MessageUpdate with FunctionCallContent when KeepFunctionCallingMessages is enabled.

Actual behavior

FunctionCallContent, FunctionResultContent is not included in the updates

Regression?

No response

Known Workarounds

No response

Configuration

.net 9

Other information

No response

@Gigabyte0x1337 Gigabyte0x1337 added bug This issue describes a behavior which is not expected - a bug. untriaged labels Feb 15, 2025
@Gigabyte0x1337 Gigabyte0x1337 changed the title FunctionCallContent is not included in StreamingChatCompletionUpdate [AI] FunctionCallContent is not included in StreamingChatCompletionUpdate when KeepFunctionCallingMessages enabled Feb 15, 2025
@stephentoub stephentoub added area-ai and removed untriaged bug This issue describes a behavior which is not expected - a bug. labels Feb 15, 2025
@stephentoub
Copy link
Member

stephentoub commented Feb 15, 2025

This is by design, though of course we could revisit the design. The reason for it is called out here:

// We're going to emit all StreamingChatMessage items upstream, even ones that represent
// function calls, because a given StreamingChatMessage can contain other content, too.
// And if we yield the function calls, and the consumer adds all the content into a message
// that's then added into history, they'll end up with function call contents that aren't
// directly paired with function result contents, which may cause issues for some models
// when the history is later sent again.

Essentially, a client that takes all the content and just adds it back into the history will end up with an erroneous history that includes FunctionCallContent without corresponding FunctionResultContent, or possibly duplicated FunctionCallContents. So the implementation is removing them from the stream but including them in the history (when KeepFunctionCallingMessages is true, which is the default).

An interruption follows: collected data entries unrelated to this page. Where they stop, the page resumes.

(* Under the standing setting and assumptions (A1)–(A3) described in the context, the following are equivalent: (a) $\mathcal R$ is upper semicontinuous at every point of $\mathcal X$; (b) $\mathcal R(\mathcal K)$ is bounded in $\mathcal M$ for every compact $\mathcal K\subset\mathcal X$; (c) for every $X\in\mathcal X$, every sequence $X_n\to X$ in $\mathcal X$ and every choice $Z_n\in\mathcal R(X_n)$, there exist $Z\in\mathcal R(X)$ and a subsequence $(Z_{n_k})$ with $Z_{n_k}\to Z$.
   Context: Let $\mathcal X$ be a Hausdorff, first countable, locally convex topological vector space over $\mathbb R$, partially ordered by a partial order $\geq$ with positive cone $\mathcal X_+=\{X\in\mathcal X: X\geq 0\}$. Let $\mathcal M\subset\mathcal X$ be a vector subspace with $1<\dim\mathcal M<\infty$, carrying the relative topology (boundedness in $\mathcal M$ refers to any norm on $\mathcal M$), and let $\pi:\mathcal M\to\mathbb R$ be linear. Standing assumptions: (A1) there is $U\in\mathcal M\cap\mathcal X_+$ with $\pi(U)=1$; (A2) $\mathcal A\subsetneq\mathcal X$ is closed, contains $0$, and satisfies $\mathcal A+\mathcal X_+\subset\mathcal A$; (A3) the map $\rho(X)=\inf\{\pi(Z): Z\in\mathcal M,\ X+Z\in\mathcal A\}$ is finitely valued and continuous on $\mathcal X$. The optimal payoff map is $\mathcal R(X)=\{Z\in\mathcal M: X+Z\in\mathcal A,\ \pi(Z)=\rho(X)\}$ and $\mathcal R(\mathcal K)=\bigcup_{X\in\mathcal K}\mathcal R(X)$. $\mathcal R$ is upper semicontinuous at $X$ if for every open $\mathcal U\subset\mathcal M$ with $\mathcal R(X)\subset\mathcal U$ there is an open neighborhood $\mathcal U_X$ of $X$ with $\mathcal R(Y)\subset\mathcal U$ for all $Y\in\mathcal U_X$. *)

From HB Require Import structures.
From mathcomp Require Import all_boot all_order all_algebra.
From mathcomp Require Import all_classical all_reals all_analysis.
Set Implicit Arguments. Unset Strict Implicit. Unset Printing Implicit Defensive.
Import Order.TTheory GRing.Theory Num.Theory numFieldNormedType.Exports.
Local Open Scope classical_set_scope.
Local Open Scope ring_scope.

If we change that to stream the function call messages, we'd need to come up with some other workaround, and that can't just be telling developers not to include FRCs in the history. We have helpers like ToChatCompletion that will convert updates into complete messages, and such helpers shouldn't have baked in policy that excludes FunctionCallContent, because they have no knowledge of whether a particular FunctionInvokingChatClient is in use.

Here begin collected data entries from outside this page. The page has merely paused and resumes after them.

(* Let $\Bbbk$ be a unital ring, $n,r$ positive integers, $\varepsilon\in\{0,1/2\}$, $d=n-2\varepsilon$, and assume $d>r+1$. Then the kernel of $\Phi_{n,r+\varepsilon}:\Bbbk W_d\to\operatorname{End}_\Bbbk(\mathbf V^{\otimes r})$ contains the cell ideal $$\Bbbk\{y_{\mathfrak s\mathfrak t}\mid \mathfrak s,\mathfrak t\text{ standard},\ [\mathfrak s]=[\mathfrak t]\not\trianglelefteq(r+1,1^{d-r-1})\}$$ of $\Bbbk W_d$.
   Context: $\mathbf V$ is a free $\Bbbk$-module of rank $n$ with basis $\mathbf v_1,\dots,\mathbf v_n$. $W_n$ is the symmetric group on $\{1,\dots,n\}$, acting on $\mathbf V^{\otimes r}$ by $w(\mathbf v_{j_1}\otimes\cdots\otimes\mathbf v_{j_r})=\mathbf v_{w(j_1)}\otimes\cdots\otimes\mathbf v_{w(j_r)}$, giving $\Phi_{n,r}:\Bbbk W_n\to\operatorname{End}_\Bbbk(\mathbf V^{\otimes r})$. $W_{n-1}=\{w\in W_n:w(n)=n\}$ preserves $\mathbf V^{\otimes r}\otimes\mathbf v_n\subset\mathbf V^{\otimes(r+1)}$, identified with $\mathbf V^{\otimes r}$, giving $\Phi_{n,r+1/2}:\Bbbk W_{n-1}\to\operatorname{End}_\Bbbk(\mathbf V^{\otimes r})$. For a partition $\lambda$ of $d$: a $\lambda$-tableau is a bijective filling of the Young diagram by $1,\dots,d$; row-standard means rows increase, standard means rows and columns increase. $\mathfrak t^\lambda$ is the row-reading tableau, $W_\lambda$ its row stabiliser in $W_d$, $d(\mathfrak t)\in W_d$ the permutation with $\mathfrak t=d(\mathfrak t)\mathfrak t^\lambda$, $y_\lambda=\sum_{w\in W_\lambda}\operatorname{sgn}(w)w$, $y_{\mathfrak s\mathfrak t}=d(\mathfrak s)^{-1}y_\lambda d(\mathfrak t)$, and $[\mathfrak t]$ is the shape of $\mathfrak t$. $\trianglelefteq$ is the dominance order. The standard $y_{\mathfrak s\mathfrak t}$ form Murphy's cellular basis of $\Bbbk W_d$, and spans over upward-closed sets of shapes are cell ideals. *)

From mathcomp Require Import all_boot all_order all_algebra all_fingroup.
Set Implicit Arguments. Unset Strict Implicit. Unset Printing Implicit Defensive.
Import GRing.Theory.
Local Open Scope ring_scope.

(* Conventions.  Indices are 0-based: the basis v_1..v_n of V is indexed by  *)
(* 'I_n, the letters 1..d permuted by W_d by 'I_d, and the r tensor slots by *)
(* 'I_r.  W_d is {perm 'I_d}; w acts on 'I_n (d <= n) by w on the first d     *)
(* indices and trivially on the others (for d = n-1 this is the embedding    *)
(* W_{n-1} = {w in W_n | w(n) = n}).                                          *)

(* Composition of permutations as functions: (compp a b) x = a (b x). *)
Definition compp (d : nat) (a b : {perm 'I_d}) : {perm 'I_d} := (b * a)%g.

(* The group algebra k W_d: elements are coefficient functions. *)
Definition galg (R : pzRingType) (d : nat) := {ffun {perm 'I_d} -> R}.

Definition gdelta (R : pzRingType) (d : nat) (w : {perm 'I_d}) : galg R d :=
  [ffun g => if g == w then 1 else 0].

(* multiplication of k W_d (convolution, w.r.t. function composition) *)
Definition gmul (R : pzRingType) (d : nat) (x y : galg R d) : galg R d :=
  [ffun g => \sum_(a : {perm 'I_d}) \sum_(b : {perm 'I_d} | compp a b == g)
               x a * y b].

Definition gscale (R : pzRingType) (d : nat) (c : R) (x : galg R d) : galg R d :=
  [ffun g => c * x g].

Definition pext (n d : nat) (w : {perm 'I_d}) (i : 'I_n) : 'I_n :=
  match (insub (nat_of_ord i) : option 'I_d) with
  | Some j => odflt i (insub (nat_of_ord (w j)))
  | None => i
  end.

(* V^{(x) r}: coordinates w.r.t. the basis v_{j_1} (x) ... (x) v_{j_r},      *)
(* indexed by J : 'I_r -> 'I_n.                                              *)
Definition tens (R : pzRingType) (n r : nat) := {ffun {ffun 'I_r -> 'I_n} -> R}.

(* Phi_{n,r}-type action of x in k W_d on V^{(x) r}:                         *)
(*   w (v_{j_1} (x) ... (x) v_{j_r}) = v_{w j_1} (x) ... (x) v_{w j_r}.       *)
Definition Phi (R : pzRingType) (n r d : nat) (x : galg R d) (f : tens R n r)
  : tens R n r :=
  [ffun K : {ffun 'I_r -> 'I_n} =>
     \sum_(w : {perm 'I_d}) \sum_(J : {ffun 'I_r -> 'I_n} |
                                   [ffun i => @pext n d w (J i)] == K)
        x w * f J].

(* Phi_{n, r + eps} with eps = false meaning 0 and eps = true meaning 1/2:    *)
(* it is defined on k W_{n - 2 eps}.  For eps = 1/2 the space V^{(x) r} (x) v_n *)
(* is identified with V^{(x) r}; W_{n-1} fixes v_n, so it acts on the first r *)
(* factors as above.                                                         *)
Definition Phi_eps (R : pzRingType) (n r : nat) (eps : bool) :
  galg R (n - eps) -> tens R n r -> tens R n r := @Phi R n r (n - eps).

Definition is_partition (d : nat) (la : seq nat) : bool :=
  [&& sorted geq la, all (fun a => 0 < a)%N la & sumn la == d].

(* box (i,j) (row i, column j, 0-based) of the Young diagram *)
Definition in_diagram (la : seq nat) (b : nat * nat) : bool :=
  (b.1 < size la)%N && (b.2 < nth 0 la b.1)%N.

Definition dom_le (la mu : seq nat) : bool :=
  [forall k : 'I_(size la + size mu).+1,
     (sumn (take k la) <= sumn (take k mu))%N].

Definition hook (d r : nat) : seq nat := r.+1 :: nseq (d - r.+1) 1%N.

(* A tableau with entries 1..d (encoded as 'I_d) is given by the position    *)
(* (row, column) of each entry.  It is a la-tableau when this is a bijection *)
(* onto the Young diagram of la (injective into the diagram, which has       *)
(* exactly d boxes when la is a partition of d).                             *)
Definition tableau (d : nat) := {ffun 'I_d -> nat * nat}.

Definition is_tableau (d : nat) (la : seq nat) (t : tableau d) : bool :=
  injectiveb t && [forall k, in_diagram la (t k)].

Definition row_standard (d : nat) (t : tableau d) : bool :=
  [forall k, forall l,
     ((t k).1 == (t l).1) && ((t k).2 < (t l).2)%N ==> (k < l)%N].

Definition standard (d : nat) (t : tableau d) : bool :=
  row_standard t &&
  [forall k, forall l,
     ((t k).2 == (t l).2) && ((t k).1 < (t l).1)%N ==> (k < l)%N].

(* position of entry k in the row-reading tableau t^la *)
Fixpoint rr_pos (la : seq nat) (k : nat) : nat * nat :=
  match la with
  | [::] => (0%N, k)
  | a :: la' => if (k < a)%N then (0%N, k)
                else let p := rr_pos la' (k - a) in (p.1.+1, p.2)
  end.

Definition tlam (d : nat) (la : seq nat) : tableau d := [ffun k : 'I_d => rr_pos la k].

(* d(t): the permutation with t = d(t) t^la, i.e. the entry of t in the box   *)
(* containing k in t^la is d(t)(k).                                          *)
Definition dperm (d : nat) (la : seq nat) (t : tableau d) : {perm 'I_d} :=
  odflt 1%g [pick g : {perm 'I_d} | [forall k, t (g k) == tlam d la k]].

Definition rowstab (d : nat) (la : seq nat) : {set {perm 'I_d}} :=
  [set w : {perm 'I_d} | [forall k, (tlam d la (w k)).1 == (tlam d la k).1]].

Definition sgn (R : pzRingType) (d : nat) (w : {perm 'I_d}) : R :=
  (-1) ^+ odd_perm w.

Definition y_la (R : pzRingType) (d : nat) (la : seq nat) : galg R d :=
  \sum_(w in rowstab d la) gscale (sgn R w) (gdelta R w).

Definition y_st (R : pzRingType) (d : nat) (la : seq nat) (s t : tableau d)
  : galg R d :=
  gmul (gmul (gdelta R (dperm la s)^-1) (y_la R d la)) (gdelta R (dperm la t)).

Definition in_cell_span (R : pzRingType) (d r : nat) (x : galg R d) : Prop :=
  exists l : seq (R * (seq nat * (tableau d * tableau d))),
    (forall e, e \in l ->
       [/\ is_partition d e.2.1, ~~ dom_le e.2.1 (hook d r),
           is_tableau e.2.1 e.2.2.1 && standard e.2.2.1
         & is_tableau e.2.1 e.2.2.2 && standard e.2.2.2]) /\
    x = \sum_(e <- l) gscale e.1 (y_st R e.2.1 e.2.2.1 e.2.2.2).

From mathcomp Require Import all_boot all_order all_algebra all_fingroup zify.
Set Implicit Arguments. Unset Strict Implicit. Unset Printing Implicit Defensive.
Import GRing.Theory.
Local Open Scope ring_scope.

(* Phi is multiplicative, so Phi(y_st) = Phi(d(s)^-1) Phi(y_la) Phi(d(t)) and
   it suffices that Phi(y_la) = 0.  A partition la of d that is not dominated by
   the hook (r+1, 1^(d-r-1)) has fewer than d - r rows.  Given a basis tensor
   v_K, at least d - r letters do not occur in K, so two of them, a and b, lie
   in the same row of t^la.  The transposition (a b) is odd, lies in W_la and
   fixes v_K, so the terms of Phi(y_la) v_K cancel in pairs. *)

Lemma gmulE (R : pzRingType) d (x y : galg R d) g :
  gmul x y g = \sum_a x a * y (g * a^-1)%g.
Proof.
rewrite ffunE; apply: eq_bigr => a _.
rewrite (big_pred1 (g * a^-1)%g) // => b /=.
by rewrite /compp; apply/eqP/eqP => [<-|->]; rewrite ?mulgK ?mulgKV.
Qed.

Lemma pigeonhole_nat (T : finType) (A : {set T}) (h : T -> nat) m :
  {in A, forall a, h a < m}%N -> (m < #|A|)%N ->
  exists2 a, a \in A & exists2 b, b \in [predD1 A & a] & h a = h b.
Proof.
move=> hm mA; apply/dinjectivePn; apply: contraTN mA => inj_h.
rewrite -leqNgt cardE -(size_map h) -(size_iota 0 m) uniq_leq_size //.
by move=> _ /mapP[a + ->]; rewrite mem_enum mem_iota => /hm.
Qed.

Lemma sum_sgn_odd_invariant_eq0 (R : pzRingType) d (S : {set {perm 'I_d}})
    (t : {perm 'I_d}) (G : {perm 'I_d} -> R) :
  odd_perm t -> (forall w, ((w * t)%g \in S) = (w \in S)) ->
  (forall w, G (w * t)%g = G w) ->
  \sum_(w in S) sgn R w * G w = 0.
Proof.
move=> odd_t St Gt.
rewrite (bigID (fun w => odd_perm w)) /= (reindex_inj (mulIg t)) /=.
rewrite (eq_bigl (fun w => (w \in S) && ~~ odd_perm w)); last first.
  by move=> w; rewrite St odd_permM odd_t addbT.
rewrite -big_split /=; apply: big1 => w /andP[_ even_w].
by rewrite Gt /sgn odd_permM odd_t addbT (negbTE even_w) expr1 expr0 mulN1r mul1r addNr.
Qed.

Lemma y_laE (R : pzRingType) d la w :
  y_la R d la w = if w \in rowstab d la then sgn R w else 0.
Proof.
rewrite /y_la sum_ffunE; case: ifP => wS.
  rewrite (bigD1 w) //= !ffunE eqxx mulr1 big1 ?addr0 // => v /andP[_ vw].
  by rewrite !ffunE eq_sym (negbTE vw) mulr0.
apply: big1 => v vS; rewrite !ffunE; case: eqP => [wv|_]; last by rewrite mulr0.
by rewrite wv vS in wS.
Qed.

Lemma rr_pos_row la k : (k < sumn la)%N -> ((rr_pos la k).1 < size la)%N.
Proof.
by elim: la k => [|a la IH] k //= kl; case: ifP => // ka /=; rewrite ltnS IH //; lia.
Qed.

Lemma size_le_sumn s : all (fun a => 0 < a)%N s -> (size s <= sumn s)%N.
Proof. by elim: s => //= a s IH /andP[a0 /IH]; lia. Qed.

Lemma not_dom_hook_size d r la : is_partition d la ->
  ~~ dom_le la (hook d r) -> (size la + r < d)%N.
Proof.
move=> /and3P[_ la_pos /eqP sum_la] nd; rewrite ltnNge; apply: contraNN nd => la_long.
apply/forallP => -[[|k] _] /=; first by rewrite take0.
have split_sum : (sumn (take k.+1 la) + sumn (drop k.+1 la) = d)%N.
  by rewrite -sumn_cat cat_take_drop.
have tail_long : (size la - k.+1 <= sumn (drop k.+1 la))%N.
  by rewrite -size_drop size_le_sumn //; apply/allP => a /mem_drop/(allP la_pos).
rewrite /hook /=; case: (leqP k (d - r.+1)) => kd.
  by rewrite take_nseq // sumn_nseq; lia.
by rewrite (@take_oversize _ _ (nseq _ _)) ?size_nseq ?sumn_nseq; lia.
Qed.

Section LetterAction.

Variables (n d : nat) (dn : (d <= n)%N).
Implicit Types (w : {perm 'I_d}) (a : 'I_d) (i : 'I_n).

Lemma pext_widen w a : pext w (widen_ord dn a) = widen_ord dn (w a).
Proof.
rewrite /pext /= valK /=.
case: insubP => [j _ jw|]; first exact: val_inj.
by rewrite /= (leq_trans (ltn_ord _) dn).
Qed.

Lemma pext_out w i : (d <= i)%N -> pext w i = i.
Proof. by move=> di; rewrite /pext insubF // ltnNge di. Qed.

Lemma pext_id w i : (forall a, widen_ord dn a = i -> w a = a) -> pext w i = i.
Proof.
case: (ltnP i d) => [id|di] wi; last exact: pext_out.
have ia : widen_ord dn (Ordinal id) = i by apply: val_inj.
by rewrite -ia pext_widen (wi _ ia).
Qed.

Lemma pextM (s t : {perm 'I_d}) i : pext (s * t)%g i = pext t (pext s i).
Proof.
case: (ltnP i d) => [id|di]; last by rewrite !pext_out.
have <- : widen_ord dn (Ordinal id) = i by apply: val_inj.
by rewrite !pext_widen permM.
Qed.

Lemma pext1 i : pext (1%g : {perm 'I_d}) i = i.
Proof. by apply: pext_id => a _; rewrite perm1. Qed.

Variable r : nat.
Implicit Types (K : {ffun 'I_r -> 'I_n}).

Definition tact w K : {ffun 'I_r -> 'I_n} := [ffun j => pext w (K j)].

Lemma tactM (s t : {perm 'I_d}) K : tact (s * t)%g K = tact t (tact s K).
Proof. by apply/ffunP => j; rewrite !ffunE pextM. Qed.

Lemma tact1 K : tact 1%g K = K.
Proof. by apply/ffunP => j; rewrite ffunE pext1. Qed.

Lemma card_letters_in K : (#|[set a | widen_ord dn a \in codom K]| <= r)%N.
Proof.
have widen_inj : injective (widen_ord dn) by move=> a b [/val_inj].
rewrite -(card_imset _ widen_inj).
apply: (@leq_trans #|codom K|).
  by apply/subset_leq_card/subsetP => _ /imsetP[a + ->]; rewrite inE.
by rewrite (leq_trans (card_size _)) // size_codom card_ord.
Qed.

Lemma tact_tperm_out a b K :
  widen_ord dn a \notin codom K -> widen_ord dn b \notin codom K ->
  tact (tperm a b) K = K.
Proof.
move=> aK bK; apply/ffunP => j; rewrite ffunE; apply: pext_id => c cj.
by apply: tpermD; [move: aK | move: bK]; apply: contraNneq => ->; rewrite cj codom_f.
Qed.

Variable R : pzRingType.
Implicit Types (x y : galg R d) (f : tens R n r).

Lemma PhiE x f K : Phi x f K = \sum_w x w * f (tact w^-1 K).
Proof.
rewrite ffunE; apply: eq_bigr => w _.
rewrite (big_pred1 (tact w^-1 K)) // => J /=.
rewrite -[[ffun j => _]]/(tact w J).
by apply/eqP/eqP => [<-|->]; rewrite -tactM ?mulgV ?mulVg tact1.
Qed.

Lemma Phi_gmul x y f : Phi (gmul x y) f = Phi x (Phi y f).
Proof.
apply/ffunP => K; rewrite !PhiE.
under eq_bigr => g _ do rewrite gmulE mulr_suml.
rewrite exchange_big /=; apply: eq_bigr => a _.
rewrite PhiE mulr_sumr (reindex_inj (mulIg a)) /=.
by apply: eq_bigr => b _; rewrite mulgK mulrA invMg tactM.
Qed.

Lemma Phi0 x : Phi x (0 : tens R n r) = 0.
Proof.
by apply/ffunP => K; rewrite PhiE ffunE big1 // => w _; rewrite ffunE mulr0.
Qed.

Lemma Phi_sum_gscale (I : Type) (l : seq I) (c : I -> R) (y : I -> galg R d) f K :
  Phi (\sum_(e <- l) gscale (c e) (y e)) f K = \sum_(e <- l) c e * Phi (y e) f K.
Proof.
rewrite PhiE; under eq_bigr => w _ do rewrite sum_ffunE mulr_suml.
rewrite exchange_big /=; apply: eq_bigr => e _.
by rewrite PhiE mulr_sumr; apply: eq_bigr => w _; rewrite ffunE mulrA.
Qed.

Lemma Phi_y_la_eq0 la f : sumn la = d -> (size la + r < d)%N ->
  Phi (y_la R d la) f = 0.
Proof.
move=> sum_la short_la; apply/ffunP => K; rewrite PhiE ffunE.
pose row a := (tlam d la a).1.
pose V := [set a | widen_ord dn a \in codom K].
have row_lt : {in ~: V, forall a, row a < size la}%N.
  by move=> a _; rewrite /row ffunE rr_pos_row // sum_la.
have many_free : (size la < #|~: V|)%N.
  have V_small : (#|V| <= r)%N := card_letters_in K.
  have := cardsC V; rewrite card_ord; lia.
have [a aV [b /andP[ba bV] row_ab]] := pigeonhole_nat row_lt many_free.
have tK : tact (tperm a b)^-1 K = K.
  by rewrite tpermV; apply: tact_tperm_out; [move: aV | move: bV]; rewrite !inE.
have row_t c : row (tperm a b c) = row c by case: tpermP => // ->.
pose G w := f (tact w^-1 K).
rewrite (eq_bigr (fun w => if w \in rowstab d la then sgn R w * G w else 0));
  last by move=> w _; rewrite y_laE; case: ifP; rewrite ?mul0r.
rewrite -big_mkcond; apply: (sum_sgn_odd_invariant_eq0 (t := tperm a b)).
- by rewrite odd_tperm eq_sym.
- move=> w; rewrite !inE; apply: eq_forallb => k.
  by rewrite permM; move: (row_t (w k)); rewrite /row => ->.
- by move=> w; rewrite /G invMg tactM tK.
Qed.

Lemma Phi_y_st_eq0 la (s t : tableau d) f : sumn la = d -> (size la + r < d)%N ->
  Phi (y_st R la s t) f = 0.
Proof. by move=> *; rewrite /y_st !Phi_gmul Phi_y_la_eq0 // Phi0. Qed.

End LetterAction.

Theorem proposition7p1 (R : pzRingType) (n r : nat) (eps : bool) :
  (0 < n)%N -> (0 < r)%N -> (r.+1 < n - eps)%N ->
  forall x : galg R (n - eps), @in_cell_span R (n - eps) r x ->
  forall f : tens R n r, @Phi_eps R n r eps x f = 0.
Proof.
move=> _ _ _ x [l [cells ->]] f; apply/ffunP => K.
rewrite /Phi_eps Phi_sum_gscale ?leq_subr // ffunE big1_seq // => e /andP[_ el].
have [la_part nd _ _] := cells e el.
have short_la := not_dom_hook_size la_part nd.
case/and3P: la_part => _ _ /eqP sum_la.
by rewrite (Phi_y_st_eq0 (leq_subr eps n)) // ffunE mulr0.
Qed.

Off the top of my head, one fallback could be to add this as another knob on FunctionInvokingChatClient, e.g. a StreamFunctionCallContent property, that defaults to false but that you could set to true if you want that behavior.

Another option would be to yield the FunctionCallContent and then also yield the manufactured FunctionResultContent, either instead of or in addition to having it in the chat history. That way at least they'd still be paired up. I suspect some services would still balk, though, at ending up with the same tool call ID multiple times in the same history. We could explore other combinations, as well.

cc: @SteveSandersonMS in case he has other ideas

@stephentoub
Copy link
Member

Of course, I could implement the whole thing myself, but what's the point of having it if it doesn't serve this purpose?

For this part specifically, though, it sounds like you actually want much more control over the invocation. Presumably you want to know not just that a function has been requested, but you'd want to display in your UI details of the invocation, that it's currently in-flight, when it's ended, maybe even details about what was computed, and I don't see FunctionInvokingChatClient evolving to serve all possible such cases. At some point, for specific scenarios where you want more control, you'll likely want to process the FunctionCallContent yourself.

@Gigabyte0x1337
Copy link
Author

I appreciate your quick response.
In my view, the FunctionInvokingChatClient simply invokes the actions like a proxy. I expected it to still retain the full stream without removing the function calls because, without the FunctionInvokingChatClient, it just passes them through. Currently, I have everything custom—the entire stack from API call to frontend. I was hoping to refactor it using some existing libraries to improve maintainability.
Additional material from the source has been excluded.